Évidemment je me dis parfois (absurdement) que si j’avais vécu avec les végétariens Ève et Adam, je les aurais surpris faisant une grimace de dégoût pour ne pas manger de serpents.

Évidemment dans la Ville Lumière qui trop embrasse éteint pis encore. Depuis presque quarante ans j’habite dans la rue Jouffroy d’Abbans, «la plus large de Paris: pour une question de centimètres ce n’est pas une avenue!». Précisément j’ai assisté au «lendemain» de la messe papale au Bois de Boulogne proche de chez moi (plus exactement dans un hippodrome connu pour ses paris). J’ai été frappé par la multitude de tracts jonchant de telles allées, la quantité et les débordements des sanitaires improvisés, et surpris par l’abondance des préservatifs abandonnés. Pour Mandelbroot tout paraît-il si relatif que si nous vivions 90 millions d’années Mathusalem serait mort en culottes courtes?

Évidemment les hauts faits sportifs ont lieu eux aussi à quelques minutes de chez moi et j’ai pour habitude de leur rendre visite… après l’«événement». Particulièrement aux footballistiques. Étant donné la houle due à la foule trop compacte des manifestants, je me demande s’il n’est pas probable qu’on ne puisse surmonter le mal de mer lors d’un grand «événement» qu’en nageant dans une piscine cinq étoiles?

Évidemment j’ai l’habitude de rendre visite au plus pacifique «événement annuel» très tôt dans la matinée de juillet. Précisément un dimanche (portable à portée de main; déjà). C’est le jour de l’arrivée du «Tour de France». Dès potron minet les plus fervents sont déjà installés, qui se divisent en deux clans nullement antagonistes: les fans de la nation gagnante et les enthousiastes du cyclisme en général. Tous portent différentes tenues: gilets, blazers, casaques, parements, casquettes à la gloire du pays ou de l’équipe qui devrait gagner. Comme si cette célèbre cérémonie avait tout laissé ficelé et bien ficelé par sa rigueur mathématique?

Évidemment au moins dès 8 heures du matin jusqu’à 5 heures du soir on attend stoïquement l’apparition des premiers cyclistes. Il y a aussi une foule de gens qui s’emploient à vendre toutes sortes de babioles plus ou moins en rapport avec le cyclisme. Et même des paroissiens qui prêchent pour un monde meilleur ou une cause finale qui mènera à la paix universelle entre riches et pauvres. J’aime beaucoup voir aussi certains amateurs de ceci ou cela économiser comme des rockfellers pour parvenir à disposer de leur propre trésor.

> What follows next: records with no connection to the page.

Lemma periodic_IZR (f : R -> R) P :
  (forall x, f (x + P) = f x) -> forall (m : Z) x, f (x + P * IZR m) = f x.
Proof.
  intros HP.
  assert (Hnat : forall (n : nat) x, f (x + P * INR n) = f x).
  { induction n as [|n IH]; intros x.
    - now rewrite Rmult_0_r, Rplus_0_r.
    - rewrite S_INR, <- (IH x), <- (HP (x + P * INR n)). f_equal. ring. }
  intros m x. destruct (Z_le_gt_dec 0 m).
  - rewrite <- (Z2Nat.id m), <- INR_IZR_INZ by lia. apply Hnat.
  - replace m with (- Z.of_nat (Z.to_nat (- m)))%Z by lia.
    rewrite opp_IZR, <- INR_IZR_INZ, <- (Hnat (Z.to_nat (- m))). f_equal. ring.
Qed.

Lemma continuity_pt_pos_near (f : R -> R) a : continuity_pt f a -> 0 < f a ->
  exists d, 0 < d /\ forall x, Rabs (x - a) < d -> 0 < f x.
Proof.
  intros Hc Ha. destruct (Hc (f a) Ha) as [d [Hd Hnear]].
  exists d. split; [exact Hd|]. intros x Hx.
  destruct (Req_dec x a) as [->|Hne]; [exact Ha|].
  assert (Hfx : Rabs (f x - f a) < f a) by (apply Hnear; repeat split; auto).
  apply Rabs_def2 in Hfx. lra.
Qed.

Lemma pow6_nonneg x : 0 <= x ^ 6.
Proof. replace (x ^ 6) with ((x ^ 2) ^ 3) by ring. apply pow_le, pow2_ge_0. Qed.

Definition pi3_integrand (t : R) : R := / sqrt (1 - t ^ 6).

Lemma pi3_integrand_continuous z : Rabs z < 1 -> continuous pi3_integrand z.
Proof.
  intros Hz. apply (ex_derive_continuous pi3_integrand z). unfold pi3_integrand.
  assert (z ^ 6 < 1).
  { replace (z ^ 6) with (Rabs z ^ 6) by (rewrite RPow_abs; apply Rabs_pos_eq, pow6_nonneg).
    apply pow_lt_1_compat; [split; [apply Rabs_pos | exact Hz] | lia]. }
  auto_derive. change (z * (z * (z * (z * (z * (z * 1)))))) with (z ^ 6).
  pose proof (sqrt_lt_R0 (1 - z ^ 6) ltac:(lra)). unfold Rminus in *. repeat split; lra.
Qed.

Lemma is_derive_RInt_pi3_integrand c : Rabs c < 1 ->
  is_derive (fun c => RInt pi3_integrand 0 c) c (pi3_integrand c).
Proof.
  intros Hc. apply (is_derive_RInt _ _ 0); [|apply pi3_integrand_continuous, Hc].
  assert (Hd : 0 < (1 - Rabs c) / 2) by lra.
  exists (mkposreal _ Hd). intros y Hy. change (Rabs (y - c) < (1 - Rabs c) / 2) in Hy.
  apply (@RInt_correct R_CompleteNormedModule), (@ex_RInt_continuous R_CompleteNormedModule).
  intros t Ht. apply pi3_integrand_continuous.
  assert (Hy1 : Rabs y < 1) by (pose proof (Rabs_triang_inv y c); lra).
  apply Rabs_def2 in Hy1.
  unfold Rmin, Rmax in Ht. destruct Rle_dec; apply Rabs_def1; lra.
Qed.

Section Leaf3.

Variables r p : R -> R.
Hypothesis r_derive : forall x, is_derive r x (p x).
Hypothesis p_derive : forall x, is_derive p x (-3 * r x ^ 5).
Hypothesis r_0 : r 0 = 0.
Hypothesis p_0 : p 0 = 1.

Lemma leaf_energy x : p x ^ 2 + r x ^ 6 = 1.
Proof.
  assert (conserved : forall y, is_derive (fun y => p y ^ 2 + r y ^ 6) y 0).
  { intros y. derive_with_hyps. ring. }
  replace (p x ^ 2 + r x ^ 6) with (p 0 ^ 2 + r 0 ^ 6); [rewrite r_0, p_0; ring|].
  destruct (Rle_dec 0 x); [|symmetry];
    apply (is_derive_zero_eq (fun y => p y ^ 2 + r y ^ 6)); auto; lra.
Qed.

Lemma leaf_abs_r_le1 x : Rabs (r x) <= 1.
Proof.
  destruct (Rle_dec (Rabs (r x)) 1) as [|Hgt]; [assumption|exfalso].
  pose proof (Rlt_pow_R1 (Rabs (r x)) 6 ltac:(lra) ltac:(lia)) as Hpow.
  rewrite RPow_abs, Rabs_pos_eq in Hpow by apply pow6_nonneg.
  pose proof (leaf_energy x). pose proof (pow2_ge_0 (p x)). lra.
Qed.

Lemma leaf_abs_p_le1 x : Rabs (p x) <= 1.
Proof.
  pose proof (leaf_energy x). pose proof (pow6_nonneg (r x)).
  apply Rabs_le. nra.
Qed.
Lemma is_lim_gb_mass_primitive (nu : R) :
  is_lim (fun y => mass_primitive nu (F y) (G y) (gb_F' y) (gb_G' y)) m_infty
    (mass_primitive nu (1 / 2) 0 (- b * (1 / 2)) (- b * 0)) /\
  is_lim (fun y => mass_primitive nu (F y) (G y) (gb_F' y) (gb_G' y)) p_infty
    (mass_primitive nu (1 / 2) (- gb_n) (b * (1 / 2)) (b * - gb_n)).
Proof.
assert (HE : forall y, gb_E y <> 0) by (intro; apply Rgt_not_eq, exp_pos).
destruct (is_lim_gb_profile F (fun y => - gb_K * (a * cos (gb_theta y) + - b * sin (gb_theta y)))
  (1 / 2) (1 / 2) _ (fun y => Rabs_trig_comb_le _ _ _ _)) as [Fm Fp].
{ intro y; rewrite gb_F_eq; field; apply HE. }
destruct (is_lim_gb_profile G (fun y => gb_m * (0 * cos (gb_theta y) + 1 * sin (gb_theta y)))
  0 (- gb_n) _ (fun y => Rabs_trig_comb_le _ _ _ _)) as [Gm Gp].
{ intro y; rewrite gb_G_eq; field; apply HE. }
destruct (is_lim_gb_profile gb_F'
  (fun y => gb_K * a * (b * cos (gb_theta y) + a * sin (gb_theta y)))
  (- b * (1 / 2)) (b * (1 / 2)) _ (fun y => Rabs_trig_comb_le _ _ _ _)) as [F'm F'p].
{ intro y; unfold gb_F'; field; apply HE. }
destruct (is_lim_gb_profile gb_G'
  (fun y => gb_m * a * (1 * cos (gb_theta y) + 0 * sin (gb_theta y)))
  (- b * 0) (b * - gb_n) _ (fun y => Rabs_trig_comb_le _ _ _ _)) as [G'm G'p].
{ intro y; unfold gb_G'; field; apply HE. }
split.
- apply (is_lim_mass_primitive_scaled gb_E); try assumption;
    [intro; apply exp_pos | exact gb_F_pos | lra].
- apply (is_lim_mass_primitive_scaled (fun y => / gb_E y)); try assumption;
    [intro; apply Rinv_0_lt_compat, exp_pos | exact gb_F_pos | lra].
Qed.

Lemma gb_mass_density (y : R) :
  / 2 * breather a b mu x1 x2 t y ^ 2 = mass_density (F y) (G y) (gb_F' y) (gb_G' y).
Proof.
pose proof (norm2_pos _ _ (gb_F_pos y)) as HD.
unfold breather, mass_density; cbv beta zeta.
change (Derive (fun z => F z) y) with (Derive F y).
change (Derive (fun z => G z) y) with (Derive G y).
rewrite (is_derive_unique _ _ _ (is_derive_gb_F y)), (is_derive_unique _ _ _ (is_derive_gb_G y)).
unfold Rdiv; rewrite !Rpow_mult_distr, pow2_sqrt by lra.
field; lra.
Qed.
Section HilbertDefs.
Variable R : realType.

Definition hnorm (H : Hilb R) (x : H) : R :=
  Num.sqrt (complex.Re (hinner x x)).

Definition separable (H : Hilb R) : Prop :=
  exists d : nat -> H, forall (x : H) (e : R), 0 < e ->
    exists n : nat, hnorm (x - d n) < e.

Definition closed_subspace (H : Hilb R) (V : set H) : Prop :=
  [/\ V 0,
      (forall (a : R[i]) (x y : H), V x -> V y -> V (a *: x + y)) &
      (forall (u : nat -> H) (l : H), (forall n, V (u n)) ->
         (forall e : R, 0 < e -> exists N : nat, forall n : nat,
            (N <= n)%N -> hnorm (u n - l) < e) -> V l)].

(* orthogonal projection onto V : the (unique, for closed V) p in V with
   x - p orthogonal to V *)
Definition orthproj (H : Hilb R) (V : set H) (x : H) : H :=
  epsilon (inhabits (0 : H))
    (fun p : H => V p /\ forall v : H, V v -> hinner (x - p) v = 0).

Definition bounded_op (H H' : Hilb R) (L : H -> H') : Prop :=
  exists M : R, forall x : H, hnorm (L x) <= M * hnorm x.

Definition gfusion_frame (H : Hilb R) (I : set int) (Hi : int -> Hilb R)
    (V : int -> set H) (Lam : forall i, {linear H -> Hi i}) (v : int -> R)
    : Prop :=
  exists A B : R, [/\ 0 < A, A <= B &
    forall f : H,
      ((A * hnorm f ^+ 2)%:E <=
         \esum_(i in I) ((v i) ^+ 2 * hnorm (Lam i (orthproj (V i) f)) ^+ 2)%:E)%E
      /\
      (\esum_(i in I) ((v i) ^+ 2 * hnorm (Lam i (orthproj (V i) f)) ^+ 2)%:E
         <= (B * hnorm f ^+ 2)%:E)%E].

(* Hilbert tensor products, given abstractly by their universal data:  *)
(* HK together with t : H -> K -> HK (t f g = f (x) g) such that       *)
(* <f(x)g, f'(x)g'> = <f,f'><g,g'> and the span of the elementary      *)
(* tensors is dense in HK.  (This determines HK up to unitary iso.)    *)
Definition is_tensor (H K HK : Hilb R) (t : H -> K -> HK) : Prop :=
  (forall (f f' : H) (g g' : K),
      hinner (t f g) (t f' g') = hinner f f' * hinner g g') /\
  (forall (x : HK) (e : R), 0 < e ->
     exists s : seq (H * K),
       hnorm (x - \sum_(p <- s) t p.1 p.2) < e).

Definition tensor_subspace (H K HK : Hilb R) (t : H -> K -> HK)
    (V : set H) (W : set K) : set HK :=
  [set x : HK | forall e : R, 0 < e ->
     exists s : seq (H * K),
       (forall p, p \in s -> V p.1 /\ W p.2) /\
       hnorm (x - \sum_(p <- s) t p.1 p.2) < e].

Definition is_tensor_op (H K HK H' K' HK' : Hilb R)
    (t : H -> K -> HK) (t' : H' -> K' -> HK')
    (Q : H -> H') (T : K -> K') (QT : {linear HK -> HK'}) : Prop :=
  bounded_op QT /\ forall (f : H) (g : K), QT (t f g) = t' (Q f) (T g).

(* Lam (x) Gam is a g-fusion frame for H (x) K w.r.t. {H_i (x) K_j}
   (inequalities required on elementary tensors f (x) g) *)
Definition tensor_gfusion_frame (H K HK : Hilb R) (t : H -> K -> HK)
    (I J : set int) (HKij : int -> int -> Hilb R)
    (V : int -> set H) (W : int -> set K)
    (LG : forall i j, {linear HK -> HKij i j}) (v w : int -> R) : Prop :=
  exists A B : R, [/\ 0 < A, A <= B &
    forall (f : H) (g : K),
      ((A * hnorm (t f g) ^+ 2)%:E <=
         \esum_(ij in I `*` J)
           ((v ij.1 * w ij.2) ^+ 2 *
            hnorm (LG ij.1 ij.2
                     (orthproj (tensor_subspace t (V ij.1) (W ij.2)) (t f g)))
              ^+ 2)%:E)%E
      /\
      (\esum_(ij in I `*` J)
           ((v ij.1 * w ij.2) ^+ 2 *
            hnorm (LG ij.1 ij.2
                     (orthproj (tensor_subspace t (V ij.1) (W ij.2)) (t f g)))
              ^+ 2)%:E
         <= (B * hnorm (t f g) ^+ 2)%:E)%E].
(* Let $N\ge 2$, let $s=(s_1,\dots,s_{N-1})\in\mathbb{C}^{N-1}$ be generic, set $x_a=2s_a-2s_{a-1}$ ($1\le a\le N$, $s_0=s_N=0$), and let $$F(s)=\mathbb{1}\otimes\mathbb{1}-\sum_{1\le a<b\le N}\frac{2}{x_a-x_b}\,E_{ab}\otimes E_{ba}.$$ Let $R(u)=\dfrac{\rho(u)}{u+1}\big(u\,\mathbb{1}\otimes\mathbb{1}+P\big)$ be the (normalised) Yang $R$-matrix of the double Yangian of $sl_N$ in the fundamental representation, with $$\rho(u)=\frac{\Gamma_1(u|N)\,\Gamma_1(u+N|N)}{\Gamma_1(u+1|N)\,\Gamma_1(u+N-1|N)}.$$ Then $R(u,s):=F_{21}(s)\,R(u)\,F_{12}(s)^{-1}$, written as $\sum R_{i_1i_2}^{j_1j_2}E_{i_1j_1}\otimes E_{i_2j_2}$, has non-vanishing entries ($1\le a,b\le N$, $a\ne b$ in the last two) $$R_{aa}^{aa}=\rho(u),\qquad R_{ab}^{ab}=\rho(u)\begin{cases}\dfrac{u}{u+1}& b>a,\\[2mm] \Big(1-\dfrac{4}{(x_a-x_b)^2}\Big)\dfrac{u}{u+1} & b<a,\end{cases}\qquad R_{ab}^{ba}=\rho(u)\Big(1+\frac{2u}{x_a-x_b}\Big)\frac{1}{u+1},$$ and it satisfies the dynamical Yang--Baxter equation with additive spectral parameter $$R_{12}(\beta,s+h^{(3)})\,R_{13}(\beta+\beta',s)\,R_{23}(\beta',s+h^{(1)})=R_{23}(\beta',s)\,R_{13}(\beta+\beta',s+h^{(2)})\,R_{12}(\beta,s).$$
   Context: $E_{ab}$ is the $N\times N$ elementary matrix, $P$ the flip of $\mathbb{C}^N\otimes\mathbb{C}^N$, $F_{21}=PF_{12}P$. $\Gamma_1(x|\omega)=\frac{\omega^{x/\omega}}{\sqrt{2\pi\omega}}\Gamma(x/\omega)$. Shift notation: with $h_j=E_{jj}-E_{j+1,j+1}$, $(d_{ij})$ the inverse Cartan matrix of $sl_N$ and $h^\vee_i=\sum_j d_{ij}h_j$, the expression $R_{12}(\beta,s+h^{(3)})$ means $R_{12}(\beta,s)$ with each $s_i$ replaced by $s_i+h^\vee_i$ acting (diagonally) in the third tensor factor of $(\mathbb{C}^N)^{\otimes3}$; similarly for $h^{(1)},h^{(2)}$. *)

From HB Require Import structures.
From mathcomp Require Import all_boot all_order all_algebra.
From mathcomp Require Import all_classical all_reals all_analysis.
From mathcomp Require Import complex.
(* Let $(\Omega,\mathcal F,\mathbb P)$ be either an atomless probability space or the equiprobable space $(\{1,\dots,m\},2^{\{1,\dots,m\}},\mathbb P)$ with $\mathbb P(\{k\})=1/m$. Let $\mathcal P_1,\dots,\mathcal P_n$ be nonempty sets of probability measures on $(\Omega,\mathcal F)$, all absolutely continuous with respect to $\mathbb P$, and let $\alpha_1,\dots,\alpha_n\in(0,1)$. Fix a bounded measurable $X$. Suppose that $\mathrm d\mathbb Q/\mathrm d\mathbb P$ is decreasing in $X$ for every $\mathbb Q\in\mathcal P_1$ and increasing in $X$ for every $\mathbb Q\in\mathcal P_i$, $i=2,\dots,n$. Let $x^*=\mathop{\square}_{i=1}^n\sup_{\mathbb Q\in\mathcal P_i}\mathrm{VaR}^{\mathbb Q}_{\alpha_i}(X)$ and suppose the optimal allocation exists in the sense that $x^*>-\infty$ and there is $(A_1,\dots,A_n)\in\Pi_n$ with $\sup_{\mathbb Q\in\mathcal P_i}\mathbb Q(A_i\cap\{X>x^*\})\le\alpha_i$ for all $i$ (so that $X_i=(X-x^* )\mathds 1_{A_i}+x^*/n$ is an optimal allocation). Then such an optimal composition $(A_1^*,\dots,A_n^* )\in\Pi_n$ can be chosen so that $A_1^*$ is a tail event of $X$, meaning $X(\omega)\ge X(\omega')$ for all $\omega\in A_1^*$ and $\omega'\notin A_1^*$.
   Context: For a probability $\mathbb Q$ and $\alpha\in(0,1)$, $\mathrm{VaR}^{\mathbb Q}_\alpha(X)=\inf\{x\in\mathbb R:\mathbb Q(X\ge x)\le\alpha\}$. Inf-convolution: $\mathop{\square}_{i=1}^n\rho_i(X)=\inf\{\sum_i\rho_i(X_i): X_i$ bounded measurable, $\sum_iX_i=X\}$. $\Pi_n=\{(A_1,\dots,A_n)\in\mathcal F^n:\bigcup_iA_i=\Omega\}$. ''$\mathrm d\mathbb Q/\mathrm d\mathbb P$ is decreasing (resp. increasing) in $X$'' means the Radon–Nikodym density is a decreasing (resp. increasing) function of $X$. *)

From HB Require Import structures.
From mathcomp Require Import all_boot all_order all_algebra.
From mathcomp Require Import all_classical all_reals all_analysis.
Set Implicit Arguments. Unset Strict Implicit. Unset Printing Implicit Defensive.
Import Order.TTheory GRing.Theory Num.Theory.
Local Open Scope classical_set_scope.
Local Open Scope ring_scope.

Section defs.
Context {d : measure_display} {T : measurableType d} {R : realType}.

Definition atomless (P : probability T R) : Prop :=
  forall A : set T, measurable A -> (0 < P A)%E ->
    exists B : set T, [/\ measurable B, B `<=` A, (0 < P B)%E & (P B < P A)%E].

Definition equiprobable (P : probability T R) : Prop :=
  exists m : nat, [/\ exists e : 'I_m -> T, bijective e,
    forall A : set T, measurable A &
    forall w : T, P [set w] = ((m%:R)^-1)%:E].

Definition VaR (Q : probability T R) (a : R) (Y : T -> R) : \bar R :=
  ereal_inf [set x%:E | x in [set x : R | (Q [set w | (x <= Y w)%R] <= a%:E)%E]].

Definition rhoVaR (Ps : set (probability T R)) (a : R) (Y : T -> R) : \bar R :=
  ereal_sup [set VaR Q a Y | Q in Ps].

Definition bounded_mfun (Y : T -> R) : Prop :=
  measurable_fun setT Y /\ exists M : R, forall w, `|Y w| <= M.

Definition infconv (n : nat) (rho : 'I_n -> (T -> R) -> \bar R) (X : T -> R)
  : \bar R :=
  ereal_inf [set (\sum_(i < n) rho i (Xs i))%E | Xs in
     [set Xs : 'I_n -> T -> R | (forall i, bounded_mfun (Xs i)) /\
                                forall w, \sum_(i < n) Xs i w = X w]].

Definition Pi_n (n : nat) (A : 'I_n -> set T) : Prop :=
  (forall i, measurable (A i)) /\ forall w : T, exists i, A i w.

(* dQ/dP admits a version that is a decreasing (resp. increasing)
   function of X: f w = h (X w) with h nonincreasing (resp. nondecreasing)
   on the range of X. *)
Definition density_of (P Q : probability T R) (f : T -> R) : Prop :=
  [/\ measurable_fun setT f, forall w, 0 <= f w &
      forall A, measurable A -> Q A = (\int[P]_(w in A) (f w)%:E)%E].

Definition density_decreasing_in (P Q : probability T R) (X : T -> R) : Prop :=
  exists f, density_of P Q f /\ forall w w', X w <= X w' -> f w' <= f w.

Definition density_increasing_in (P Q : probability T R) (X : T -> R) : Prop :=
  exists f, density_of P Q f /\ forall w w', X w <= X w' -> f w <= f w'.

Definition tail_event (X : T -> R) (A : set T) : Prop :=
  forall w w', A w -> ~ A w' -> X w' <= X w.

End defs.

From HB Require Import structures.
From mathcomp Require Import all_boot all_order all_algebra.
From mathcomp Require Import all_classical all_reals all_analysis.
From mathcomp Require Import measurable_realfun lra.
Import Order.TTheory GRing.Theory Num.Theory.
Local Open Scope classical_set_scope.
Local Open Scope ring_scope.

(* Put B = {X > x*} and D = A_1 ∩ B.  Under either hypothesis on P, every mass
   P(E) <= P(S) is attained by a measurable subset of S (Sierpiński's theorem in
   the atomless case, counting in the equiprobable one).  Hence there is a tail
   event C ⊆ B of X with P(C) = P(D): the part of B above a P-quantile of X on B,
   plus a piece of the corresponding level set.  The sets C \ D and D \ C have
   the same P-mass and X is larger on the first, so giving C to agent 1 trades
   D \ C for C \ D, which cannot increase Q(A_1 ∩ B) when dQ/dP decreases in X.
   Finally D \ C is cut into pieces G_i with P(G_i) <= P((C \ D) ∩ A_i), handed
   to the agents i >= 2 in exchange for (C \ D) ∩ A_i; since their densities
   increase in X, this cannot increase their Q-mass on B either.  Outside B the
   allocation does not matter. *)

Section fine_probability.
Context {d : measure_display} {T : measurableType d} {R : realType}.
Implicit Types (Q : probability T R) (A B : set T).

Lemma probability_fineE Q A : measurable A -> Q A = (fine (Q A))%:E.
Proof. by move=> mA; rewrite fineK // fin_num_measure. Qed.

Lemma fine_probability_ge0 Q A : 0 <= fine (Q A).
Proof. exact: fine_ge0. Qed.

Lemma fine_probability_le1 Q A : measurable A -> fine (Q A) <= 1.
Proof.
by move=> mA; rewrite -lee_fin -probability_fineE //; exact: probability_le1.
Qed.

Lemma le_fine_probability Q A B : measurable A -> measurable B -> A `<=` B ->
  fine (Q A) <= fine (Q B).
Proof.
move=> mA mB AB; rewrite -lee_fin -!probability_fineE //.
by apply: le_measure; rewrite ?inE.
Qed.

Lemma fine_probabilityU Q A B : measurable A -> measurable B -> A `&` B = set0 ->
  fine (Q (A `|` B)) = fine (Q A) + fine (Q B).
Proof.
move=> mA mB AB0; apply/EFin_inj.
rewrite -probability_fineE ?measureU ?EFinD -?probability_fineE //.
exact: measurableU.
Qed.

Lemma fine_probabilityU2 Q A B : measurable A -> measurable B ->
  fine (Q (A `|` B)) <= fine (Q A) + fine (Q B).
Proof.
move=> mA mB; rewrite -lee_fin EFinD -!probability_fineE ?measureU2 //.
exact: measurableU.
Qed.

Lemma fine_probabilityDI Q A B : measurable A -> measurable B ->
  fine (Q (A `\` B)) = fine (Q A) - fine (Q (A `&` B)).
Proof.
move=> mA mB; apply/EFin_inj; rewrite EFinB -!probability_fineE ?measureD //.
- by rewrite ltey_eq fin_num_measure.
- exact: measurableI.
- exact: measurableD.
Qed.

Lemma fine_probabilityD Q A B : measurable A -> measurable B -> B `<=` A ->
  fine (Q (A `\` B)) = fine (Q A) - fine (Q B).
Proof. by move=> mA mB BA; rewrite fine_probabilityDI // setIidr. Qed.

Lemma fine_probability_bigcup_le Q (F : (set T)^nat) r :
  (forall k, measurable (F k)) -> (forall k, F k `<=` F k.+1) ->
  (forall k, fine (Q (F k)) <= r) -> fine (Q (\bigcup_k F k)) <= r.
Proof.
move=> mF FS Fr.
have ndF : nondecreasing_seq F by apply/nondecreasing_seqP => k; exact/subsetPset.
have mU : measurable (\bigcup_k F k) by exact: bigcupT_measurable.
have QF := nondecreasing_cvg_mu (mu := Q) mF mU ndF.
rewrite -lee_fin -probability_fineE // -(cvg_lim _ QF) //.
apply: lime_le; first by apply/cvg_ex; exists (Q (\bigcup_k F k)).
by apply: nearW => k /=; rewrite probability_fineE // lee_fin.
Qed.

Lemma fine_probability_bigcap_ge Q (F : (set T)^nat) r :
  (forall k, measurable (F k)) -> (forall k, F k.+1 `<=` F k) ->
  (forall k, r <= fine (Q (F k))) -> r <= fine (Q (\bigcap_k F k)).
Proof.
move=> mF FS rF.
have niF : nonincreasing_seq F by apply/nonincreasing_seqP => k; exact/subsetPset.
have mI : measurable (\bigcap_k F k) by exact: bigcapT_measurable.
have QF0 : (Q (F 0%N) < +oo)%E by rewrite ltey_eq fin_num_measure.
have QF := nonincreasing_cvg_mu (mu := Q) QF0 mF mI niF.
rewrite -lee_fin -probability_fineE // -(cvg_lim _ QF) //.
apply: lime_ge; first by apply/cvg_ex; exists (Q (\bigcap_k F k)).
by apply: nearW => k /=; rewrite probability_fineE // lee_fin.
Qed.

End fine_probability.

Section density.
Context {d : measure_display} {T : measurableType d} {R : realType}.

Évidemment le dimanche 2 décembre de trois à cinq heures du soir j’ai parcouru les avenues de la Grande armée et Kléber, les Champs Elysées et la place de l’Étoile. Il semblait impossible (et inouï) que cent mille personnes dans toute la France (selon les calculs les plus respectable) aient créé un tel «cimetière des voitures» dans «mon» quartier. Mais aucun, par exemple, aux Puces de Saint-Ouen, où, comme tous les dimanches j’avais rendu visite, avec grand plaisir, quelques heures auparavant, à mes amis africains. Comment est-ce possible que, ni de près ni de loin, dans les quartiers les plus torrides de la zone, nous n’ayons vu, ni mes amis ni moi, aucun manifestant? À moins que, y avait-il des manifestants au double langage et invisibles comme les trous noir de l’espace?

Évidemment ma fille («ma» photographe) et moi avons dû nous excuser auprès de nombreux curieux qui se demandaient, scandalisés, si nous n’étions pas en train de nous moquer des commerçants mêmes, dommagés (voire brûlés). «Ou avec l’éblouissante inefficacité des étoiles» prétendit un fakir qui n’était capable d’intéresser que son lit à clous.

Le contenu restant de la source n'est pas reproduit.